Posted by Roger Mallett Posted on 16 October 2023

On Death and Human Decency

There was a time when the sanctity of human life, at least publicly, meant more in our society. We now live in a world different from that of 4 years ago. Though pre-2020 life was perhaps more murky underneath than many of us thought, three years of incessant official lying, institutionalized vilification, population segregation, and publicly sanctioned hate has taken its toll.

Last week, some people with twisted minds unleashed a horror on the people in Israel. They have inflicted pain, humiliation, and death in ways that suggest the perpetrators have lost the basic tenets of human decency. They have unleashed death on innocent people in both Israel and Gaza.

They knew they were inciting a war that would devastate lives, families, and futures on both sides of the border. We should be saddened and appalled for what is unfolding. And appalled by those who are egging it on.

For the Jewish people, who have suffered recurrent pogroms throughout history and the worst of them within living memory, thinking of those dying on the ‘other side’ will be particularly hard. Many will find it impossible for years to come. Only a stupid person would condemn such attitudes rather than sympathize.

My grandmother never got over the way her son was deliberately starved to death by people of another nation, but who would not understand that? Jewish people have had this, over again, generation after generation, living with fear of what has just happened.

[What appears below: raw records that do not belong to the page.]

(* For all integers $n,r,\lambda\ge1$, $l\ge0$, and every $\mathbf{p}=(p_1,p_2,p_3,p_4)$ with $p_i\in(0,1)$, $\sum_ip_i=1$, write $a=\lfloor p_1n\rfloor$, $u=\lfloor p_2n\rfloor$, $c=\lfloor p_3n\rfloor$, $g=n-a-u-c$, and let \[ \bar l_0=\min\big(\min(a,u)+g,\ \min(c,g)+u\big). \] Then $\bar{s}_{\mathbf{p},\lambda}^{[r]}(n,l)= s_\lambda^{[r]}(n,l)$ if $l\le\bar l_0$ and $\bar{s}_{\mathbf{p},\lambda}^{[r]}(n,l)=0$ otherwise; consequently $\bar{s}_{\mathbf{p},\lambda}^{[r]}(n)= \sum_{l=0}^{\bar l_0} s_\lambda^{[r]}(n,l)$.
   Context: A diagram on $n$ vertices is a graph on $\{1,\dots,n\}$ whose edges (arcs) are pairs $(i,j)$, $i<j$, of length $j-i$. For $\lambda\ge1$, an RNA secondary structure of length $n$ with minimum arc-length $\lambda$ is a diagram with every arc of length $\ge\lambda$, no two arcs sharing an endpoint, and no two arcs $(i_1,j_1),(i_2,j_2)$ with $i_1<i_2<j_1<j_2$. A stack of length $t$ is a maximal sequence of arcs $((i,j),(i+1,j-1),\ldots,(i+t-1,j-t+1))$; the structure is $r$-canonical if all stacks have length $\ge r$. $s_{\lambda}^{[r]}(n,l)$ counts such structures of length $n$ with $l$ arcs. Sequences are over $\{\mathbf{A},\mathbf{U},\mathbf{C},\mathbf{G}\}$ with allowed base pairs $\{\mathbf A,\mathbf U\}$, $\{\mathbf C,\mathbf G\}$ (Watson–Crick) and $\{\mathbf U,\mathbf G\}$ (wobble), each in either order; a sequence $x_1\cdots x_n$ is compatible with $S$ if $(x_i,x_j)$ is allowed for every arc $(i,j)$. $\bar{s}_{\mathbf{p},\lambda}^{[r]}(n,l)$ (resp. $\bar{s}_{\mathbf{p},\lambda}^{[r]}(n)$) is the number of $r$-canonical secondary structures of length $n$ with minimum arc-length $\lambda$ having $l$ arcs (resp. any number of arcs) that admit a compatible sequence with exactly $a$ letters $\mathbf A$, $u$ letters $\mathbf U$, $c$ letters $\mathbf C$ and $g$ letters $\mathbf G$. *)

From HB Require Import structures.
From mathcomp Require Import all_boot all_order all_algebra.
Set Implicit Arguments. Unset Strict Implicit. Unset Printing Implicit Defensive.
Import Order.TTheory GRing.Theory Num.Theory.

Inductive nuc := nA | nU | nC | nG.

Definition nuc_to (x : nuc) : 'I_4 :=
  match x with nA => inord 0 | nU => inord 1 | nC => inord 2 | nG => inord 3 end.
Definition nuc_of (i : 'I_4) : option nuc :=
  match val i with 0 => Some nA | 1 => Some nU | 2 => Some nC | 3 => Some nG | _ => None end.
Lemma nuc_toK : pcancel nuc_to nuc_of.
Proof. by case; rewrite /nuc_of /= inordK. Qed.
HB.instance Definition _ := Finite.copy nuc (pcan_type nuc_toK).

Definition allowed_pair (x y : nuc) : bool :=
  match x, y with
  | nA, nU | nU, nA | nC, nG | nG, nC | nU, nG | nG, nU => true
  | _, _ => false
  end.

(* Diagrams on n vertices: vertices are 'I_n (vertex k+1 of the paper is k : 'I_n);
   an arc is a pair (i, j), of length j - i. *)
Definition diagram n := {set ('I_n * 'I_n)}.

Definition is_arc n (S : diagram n) (i j : nat) : bool :=
  [exists e in S, (val e.1 == i) && (val e.2 == j)].

Definition sec_struct n (lam : nat) (S : diagram n) : bool :=
  [&& [forall e in S, (e.1 < e.2)%N && (lam <= e.2 - e.1)%N],
      [forall e in S, forall f in S, (e != f) ==>
          [&& e.1 != f.1, e.1 != f.2, e.2 != f.1 & e.2 != f.2]] &
      [forall e in S, forall f in S,
          ~~ [&& (e.1 < f.1)%N, (f.1 < e.2)%N & (e.2 < f.2)%N]]].

Definition is_stack n (S : diagram n) (i j t : nat) : bool :=
  [&& (0 < t)%N,
      [forall k : 'I_t, is_arc S (i + k) (j - k)],
      ~~ ((0 < i)%N && is_arc S i.-1 j.+1) &
      ~~ is_arc S (i + t) (j - t)].

Definition r_canonical n (r : nat) (S : diagram n) : Prop :=
  forall i j t, is_stack S i j t -> (r <= t)%N.

Definition r_canonicalb n (r : nat) (S : diagram n) : bool :=
  [forall i : 'I_n, forall j : 'I_n, forall t : 'I_n.+1,
     is_stack S i j t ==> (r <= t)%N].

Lemma r_canonicalP n r (S : diagram n) : reflect (r_canonical r S) (r_canonicalb r S).
Proof.
apply: (iffP idP) => [H i j t st | H].
- have hi : (i < n)%N.
    move: st => /and4P [t0 /forallP /(_ (Ordinal t0)) /existsP [e /andP [_ /andP [/eqP e1 _]]]] _ _.
    by rewrite /= addn0 in e1; rewrite -e1.
  have hj : (j < n)%N.
    move: st => /and4P [t0 /forallP /(_ (Ordinal t0)) /existsP [e /andP [_ /andP [_ /eqP e2]]]] _ _.
    by rewrite /= subn0 in e2; rewrite -e2.
  have ht : (t < n.+1)%N.
    move: st => /and4P [t0 /forallP Hk _ _].
    have tp : (t.-1 < t)%N by rewrite prednK.
    move: (Hk (Ordinal tp)) => /existsP [e /andP [_ /andP [/eqP e1 _]]].
    rewrite /= in e1; rewrite ltnS -(prednK t0).
    by apply: leq_trans _ (ltn_ord e.1); rewrite ltnS e1 leq_addl.
  move/forallP: H => /(_ (Ordinal hi)) /forallP /(_ (Ordinal hj)) /forallP /(_ (Ordinal ht)).
  by move/implyP; apply.
- by apply/forallP => i; apply/forallP => j; apply/forallP => t; apply/implyP; apply: H.
Qed.

Definition rna_struct n (lam r : nat) (S : diagram n) : bool :=
  sec_struct lam S && r_canonicalb r S.

Definition compatible n (S : diagram n) (x : {ffun 'I_n -> nuc}) : bool :=
  [forall e in S, allowed_pair (x e.1) (x e.2)].

Definition count_letter n (x : {ffun 'I_n -> nuc}) (b : nuc) : nat :=
  #|[set i : 'I_n | x i == b]|.

Definition admits_comp n (S : diagram n) (a u c g : nat) : bool :=
  [exists x : {ffun 'I_n -> nuc},
     [&& compatible S x, count_letter x nA == a, count_letter x nU == u,
         count_letter x nC == c & count_letter x nG == g]].

Definition s_count (lam r n l : nat) : nat :=
  #|[set S : diagram n | rna_struct lam r S && (#|S| == l)]|.

Definition sbar_count (lam r n l a u c g : nat) : nat :=
  #|[set S : diagram n | [&& rna_struct lam r S, #|S| == l & admits_comp S a u c g]]|.

Definition sbar_count_all (lam r n a u c g : nat) : nat :=
  #|[set S : diagram n | rna_struct lam r S && admits_comp S a u c g]|.

From HB Require Import structures.
From mathcomp Require Import all_boot all_order all_algebra zify.
Import Order.TTheory GRing.Theory Num.Theory.
Set Implicit Arguments. Unset Strict Implicit. Unset Printing Implicit Defensive.

(* Only the matching structure of S matters: a secondary structure with l arcs
   admits a sequence with a A's, u U's, c C's and g G's (a + u + c + g = n) iff
   l <= a + g, l <= u + g and l <= c + u, i.e. iff l <= l0.  Every allowed pair
   contains a letter of each of {A,G}, {U,G} and {C,U}, so the arcs inject into
   the positions carrying such letters.  Conversely, label x0 arcs AU, y0 arcs CG
   and z0 arcs UG with x0 + y0 + z0 = l, x0 <= a, x0 + z0 <= u, y0 <= c and
   y0 + z0 <= g, and spread the remaining letters over the n - 2l unpaired
   positions.  Since the criterion depends on l alone, the counts follow. *)

Lemma card_set_count (T : finType) (A : {set T}) (P : pred T) :
  #|[set i in A | P i]| = count P (enum A).
Proof.
rewrite -size_filter -(card_uniqP (filter_uniq _ (enum_uniq _))).
by apply: eq_card => i; rewrite inE mem_filter mem_enum andbC.
Qed.

Lemma map_index_uniq (T : eqType) (s : seq T) :
  uniq s -> [seq index i s | i <- s] = iota 0 (size s).
Proof.
elim: s => //= x s IH /andP [xs /IH {}IH]; rewrite eqxx.
rewrite -[1]addn0 iotaDl -IH -map_comp; congr (_ :: _); apply/eq_in_map => y ys /=.
by rewrite ifN //; apply: contraNneq xs => ->.
Qed.

Lemma exists_fibers (T B : finType) (b0 : B) (A : {set T}) (k : B -> nat) :
  \sum_b k b = #|A| ->
  exists f : T -> B, forall b, #|[set i in A | f i == b]| = k b.
Proof.
move=> sum_k; pose s := flatten [seq nseq (k b) b | b <- enum B].
have size_s : size s = size (enum A).
  rewrite size_flatten /shape -map_comp -cardE -sum_k sumnE big_map big_enum.
  by apply: eq_bigr => b _; rewrite /= size_nseq.
exists (fun i => nth b0 s (index i (enum A))) => b.
rewrite card_set_count -(count_map _ (pred1 b)) map_comp map_index_uniq ?enum_uniq //.
rewrite -size_s -/(mkseq _ _) mkseq_nth count_flatten -map_comp sumnE big_map big_enum.
rewrite (bigD1 b) //= count_nseq /= eqxx mul1n big1 ?addn0 // => b' nb'.
by rewrite count_nseq /= (negbTE nb').
Qed.

Lemma card_fiber_comp (T B C : finType) (A : {set T}) (f : T -> B) (h : B -> C) c :
  #|[set e in A | h (f e) == c]| = \sum_(b | h b == c) #|[set e in A | f e == b]|.
Proof.
rewrite -sum1_card (partition_big f (fun b => h b == c)) => [|e]; last by rewrite inE => /andP [].
apply: eq_bigr => b /eqP hb; rewrite -sum1_card; apply: eq_bigl => e.
by rewrite !inE -andbA; case: (f e =P b) => [->|_]; rewrite ?hb ?eqxx ?andbF.
Qed.

Lemma card_imset_fiber (T U : finType) (B : eqType) (A : {set T}) (f : T -> U) (x : U -> B)
    (h : T -> B) b :
  {in A &, injective f} -> {in A, forall e, x (f e) = h e} ->
  #|[set i in f @: A | x i == b]| = #|[set e in A | h e == b]|.
Proof.
move=> f_inj xfh; have -> : [set i in f @: A | x i == b] = f @: [set e in A | h e == b].
  apply/setP => i; rewrite !inE; apply/andP/imsetP => [[/imsetP [e eA ->]]|[e]].
    by rewrite xfh // => he; exists e; rewrite // inE eA.
  by rewrite inE => /andP [eA he] ->; rewrite imset_f // xfh.
by apply: card_in_imset => e e' /[!inE] /andP [eA _] /andP [e'A _]; apply: f_inj.
Qed.

(* An arc whose left end carries [y] gets [partner y] at its right end; the
   arcs are labelled AU, UG or CG. *)
Definition partner (y : nuc) : nuc :=
  match y with nA => nU | nU => nG | nC => nG | nG => nU end.

Lemma allowed_partner y : allowed_pair y (partner y).
Proof. by case: y. Qed.

Definition nuc_code (y : nuc) : nat :=
  match y with nA => 0 | nU => 1 | nC => 2 | nG => 3 end.

(* Equality on [nuc] is inherited from ['I_4] through [inord] and does not
   compute; this rule decides it. *)
Lemma eq_nucE y z : (y == z) = (nuc_code y == nuc_code z).
Proof. by apply/eqP/eqP => [->|]; case: y; case: z. Qed.

Lemma big_nuc (F : nuc -> nat) : \sum_b F b = F nA + F nU + F nC + F nG.
Proof.
have nuc_uniq : uniq [:: nA; nU; nC; nG] by apply: (@map_uniq _ _ nuc_code).
rewrite (perm_big [:: nA; nU; nC; nG]) /= ?big_cons ?big_nil ?addn0 ?addnA //.
apply: uniq_perm; [exact: index_enum_uniq | exact: nuc_uniq | move=> b].
by rewrite mem_index_enum; case: b; rewrite !inE eqxx ?orbT.
Qed.

Lemma card_letters2 n (x : {ffun 'I_n -> nuc}) b1 b2 : b1 != b2 ->
  #|[set i | (x i == b1) || (x i == b2)]| = count_letter x b1 + count_letter x b2.
Proof.
move=> b12; rewrite /count_letter -cardsUI -[LHS]addn0; congr (_ + _).
  by apply: eq_card => i; rewrite !inE.
apply/esym/eqP; rewrite cards_eq0; apply/eqP/setP => i; rewrite !inE.
by case: eqP => // ->; rewrite (negbTE b12).
Qed.

(* [x0], [y0], [z0] are the numbers of arcs to be labelled AU, CG and UG. *)
Lemma arc_kinds_split l a u c g : l <= a + g -> l <= u + g -> l <= c + u ->
  exists x0 y0 z0, [/\ x0 + y0 + z0 = l, x0 <= a, x0 + z0 <= u, y0 <= c & y0 + z0 <= g].
Proof.
move=> lag lug lcu; pose x0 := minn l (minn a u); pose y0 := minn (l - x0) c.
by exists x0, y0, (l - x0 - y0); rewrite /y0 /x0; split; lia.
Qed.

Section Matching.

Variables (n : nat) (S : diagram n).
Hypothesis arc_ltn : {in S, forall e : 'I_n * 'I_n, e.1 < e.2}.
Hypothesis arcs_disjoint : {in S &, forall e f, e != f ->
  [&& e.1 != f.1, e.1 != f.2, e.2 != f.1 & e.2 != f.2]}.

Lemma arc_fst_inj : {in S &, injective fst}.
Proof.
move=> e f eS fS; apply: contra_eq => /(arcs_disjoint eS fS).
by case/and4P.
Qed.

Lemma arc_snd_inj : {in S &, injective snd}.
Proof.
move=> e f eS fS; apply: contra_eq => /(arcs_disjoint eS fS).
by case/and4P.
Qed.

What is different and truly disturbing, in 2023, is the public response of others. Politicians are publicly calling for extermination of entire populations, half of whom are children. Claims are made that those who don’t support mass death ‘are on the side of terrorists.’ Those who show concern for innocent children dying in Gaza are publicly condemned. A media calls for blood and does not now seem to care that the blood comes from young girls, from pregnant mothers, from the elderly (these are the people of Gaza, as they are the people of Israel).

To express sorrow for the killing of innocent people is decent. It is not, in itself, a condemnation of those who do the killing. We accept in war that innocent people will be killed. We fight wars when we see no other way to prevent ongoing harm. Many who fight them care about causing further harm, see all those involved as human, and recognize they are making hard choices for a reason.